Adalah sebuah prospek yang menantang untuk mencapai hal tersebut dari tempat kita berada saat ini… tetapi apa yang menjadi menarik dan indah dari konsensus dan otonomi adalah bahwa kita tidak perlu menunggu terpilihnya sebuah pemerintahan yang adil dan mengerti keinginan kita semua untuk mengaplikasikan konsep di atas-kita dapat mempraktekkannya saat ini juga, dengan orang-orang di sekitar kita dan secara langsung menerima keuntungan dari hal tersebut. Sekali saja hal tersebut dipraktekkan, maka akan terbuka jelas pola hidup tersebut bagi orang lainnya; tak perlu ada khotbah mengenai hal tersebut saat kita mengalami hal tersebut secara langsung. Bentuk grup otonomusmu sendiri, untuk menjawab bahwa tak diperlukan penguasa untuk menentukan jalan hidupmu, dan untuk membentuk lingkungan di sekitarmu yang berarti juga hidupmu sendiri. Tak ada seorang representatifpun yang dapat melakukannya untukmu, seperti juga bahwa sejak dulu tak pernah ada seorang representatifpun yang mampu melakukan sesuatu untuk hidup kita. Dari hal-hal kecil seperti yang kita lakukanlah maka demokrasi yang sesungguhnya akan terbentuk.

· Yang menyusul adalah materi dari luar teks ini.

Lemma unary_factor_add_tau RS x tau : (0 < Im tau)%R ->
  unary_factor RS (x + tau) tau =
  sgniW RS * cexp (RtoC (unary_degree RS) * aut_exponent tau x) * unary_factor RS x tau.
Proof.
  intros Htau. destruct RS; simpl.
  - rewrite Cmult_0_l, cexp_0. ring.
  - rewrite theta1_add_tau by exact Htau. rewrite Cmult_1_l. ring.
  - replace (RtoC 2 * (x + tau)) with (RtoC 2 * x + RtoC 2 * tau) by ring.
    rewrite theta1_add_tau by (apply Im_double_pos, Htau).
    replace (aut_exponent (RtoC 2 * tau) (RtoC 2 * x)) with (RtoC 2 * aut_exponent tau x)
      by (unfold aut_exponent; ring).
    ring.
  - replace (RtoC 2 * (x + tau)) with (RtoC 2 * x + tau + tau) by ring.
    rewrite !theta1_add_tau by exact Htau.
    replace (RtoC 4 * aut_exponent tau x)
      with (aut_exponent tau (RtoC 2 * x + tau) + aut_exponent tau (RtoC 2 * x))
      by (unfold aut_exponent; ring).
    rewrite cexp_add. ring.
  - replace (x + tau) with (x + tau / RtoC 2 + tau / RtoC 2) by field.
    rewrite !theta1_add_tau by (apply Im_half_pos, Htau).
    replace (RtoC 2 * aut_exponent tau x)
      with (aut_exponent (tau / RtoC 2) (x + tau / RtoC 2) + aut_exponent (tau / RtoC 2) x)
      by (unfold aut_exponent; field).
    rewrite cexp_add. ring.
  - replace (RtoC 2 * (x + tau)) with (RtoC 2 * x + RtoC 2 * tau) by ring.
    rewrite theta1_add_tau, theta0_add_tau by (apply Im_double_pos, Htau || exact Htau).
    replace (RtoC 3 * aut_exponent tau x)
      with (aut_exponent tau x + aut_exponent (RtoC 2 * tau) (RtoC 2 * x))
      by (unfold aut_exponent; ring).
    rewrite cexp_add. ring.
  - rewrite Cmult_0_l, cexp_0. ring.
Qed.

Lemma Cpow_neg1 n : (- (1)) ^ n = if Nat.even n then 1 else - (1).
Proof.
  induction n as [|n IH]; [reflexivity|].
  rewrite Cpow_S, IH, Nat.even_succ, <- Nat.negb_even.
  destruct (Nat.even n); simpl; ring.
Qed.

Lemma sgnL_RA_Cpow N : (0 < N)%nat -> (- (1)) ^ (N - 1) = sgnL RA N.
Proof.
  intros HN. destruct N as [|N]; [lia|]. replace (S N - 1)%nat with N by lia.
  unfold sgnL. rewrite Cpow_neg1, Nat.even_succ, <- Nat.negb_even.
  destruct (Nat.even N); simpl; ring.
Qed.

Lemma sgnL_RA_sqr N : sgnL RA N * sgnL RA N = 1.
Proof. simpl. destruct (Nat.even N); ring. Qed.

Lemma Wden_shift1 RS N m xi tau : (0 < Im tau)%R -> (m < N)%nat ->
  Wden RS N (shift m 1 xi) tau = sgnL RS N * Wden RS N xi tau.
Proof.
  intros Htau Hm. destruct (RS) eqn:HRS.
  - rewrite WdenA_shift1, sgnL_RA_Cpow by (auto; lia). reflexivity.
  all: rewrite !Wden_factor, Pfun_shift1 by (auto; discriminate);
    rewrite (cprod_shift N m 1 xi (fun x => unary_factor _ x tau) (sgnL _ N))
      by (auto; apply unary_factor_add1; auto; discriminate);
    ring.
Qed.
Lemma hull_exchange_seq x t P : hull (P `|` seq_set t) x -> ~ hull P x ->
  exists2 t', size t' < size t &
    hull (P `|` seq_set t) `<=` hull (P `|` [set x] `|` seq_set t').
Proof.
elim: t P => [|y t IH] P Px nPx.
  by case: nPx; move: Px; apply: hull_mono => z [//|[]].
rewrite seq_set_cons setUA in Px *.
have [Pyx|nPyx] := pselect (hull (P `|` [set y]) x).
  exists t => //; apply: hull_min; first exact: hull_flat.
  move=> z [[Pz|->]|tz]; last by apply: sub_hull; right.
    by apply: sub_hull; left; left.
  by move: (hull_exchange Pyx nPx); apply: hull_mono => w [Pw|->]; left; [left|right].
case: (IH _ Px nPyx) => t' lt_t' sub_t'; exists (y :: t') => //.
by rewrite seq_set_cons setUA [P `|` [set x] `|` _]setUAC.
Qed.

Lemma independent_size_le s t P :
  independent P s -> seq_set s `<=` hull (P `|` seq_set t) -> size s <= size t.
Proof.
elim: s t P => [//|x s IH] t P [nPx ind] st.
case: (hull_exchange_seq (st x (or_introl erefl)) nPx) => t' lt_t' sub_t'.
apply: leq_ltn_trans lt_t'; apply: IH ind _.
by move=> z sz; apply: sub_t'; apply: st; right.
Qed.

Lemma rank_independent s S : independent set0 s ->
  S `<=` hull (seq_set s) -> seq_set s `<=` S -> rank S = Some (size s).
Proof.
move=> ind Ss sS; apply: rank_eq => [|m [t [_ <- St]]].
  by exists s; split=> //; case: (independent_NoDup ind).
by apply: (independent_size_le ind); rewrite set0U; apply: subset_trans sS St.
Qed.

Lemma independent_extend F t : flat F -> F `<=` hull (seq_set t) ->
  forall c, independent set0 c -> seq_set c `<=` F ->
  exists a, [/\ independent set0 (c ++ a), seq_set (c ++ a) `<=` F
              & F `<=` hull (seq_set (c ++ a))].
Proof.
move=> fF Ft c; have [k] := ubnP (size t - size c); elim: k c => // k IH c lt_k ic cF.
have [Fc|/existsPNP [x Fx ncx]] := pselect (F `<=` hull (seq_set c)).
  by exists [::]; rewrite cats0.
have icx : independent set0 (c ++ [:: x]).
  by apply/independent_cat; split=> //=; rewrite set0U.
have cxF : seq_set (c ++ [:: x]) `<=` F by rewrite seq_set_cat => z [/cF|[<-|[]]].
have : size (c ++ [:: x]) <= size t.
  by apply: (independent_size_le icx); rewrite set0U; apply: subset_trans cxF Ft.
rewrite size_cat addn1 => le_ct.
case: (IH (c ++ [:: x])) => //; first by rewrite size_cat addn1; lia.
by move=> a; rewrite -catA; exists (x :: a).
Qed.

Lemma independent_transfer B s PA PB : flat B -> seq_set s `<=` B ->
  (forall z, B z -> hull PA z -> hull PB z) -> independent PB s -> independent PA s.
Proof.
elim: s PA PB => [//|x s IH] PA PB fB sB AB [nPBx ind].
have Bx : B x by apply: sB; left.
split; first by move/(AB x Bx).
apply: (IH _ (PB `|` [set x])) => // [z sz|z Bz]; first by apply: sB; right.
have PBx : hull PB `<=` hull (PB `|` [set x]) by apply: hull_mono => w; left.
have [->|zx] := pselect (z = x); first by move=> _; apply: sub_hull; right.
case/hull_setU1 => [//|[g PAg gxz]].
have [gz|gz] := pselect (g = z); first by subst g; exact: PBx _ (AB z Bz PAg).
have Bg : B g.
  have zxg : lineth z x g.
    by apply: lineth_perm zx; rewrite linethC; exact: lineth_perm gxz gz.
  by move: zxg; apply: lineth_sub_flat.
move: gxz; apply: lineth_sub_flat; first exact: hull_flat.
  exact: PBx _ (AB g Bg PAg).
by apply: sub_hull; right.
Qed.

Maka, lain waktu seseorang berkata kepada kami: "Berterima kasihlah bahwa kamu telah hidup dalam alam yang lebih demokratis dibanding masa lalu." Kita akan siap menjawabnya: "Tidak cukup sampai disitu." …serta mengetahui dengan jelas apa yang kita inginkan dan kita harus lakukan, dari pengalaman kita sendiri.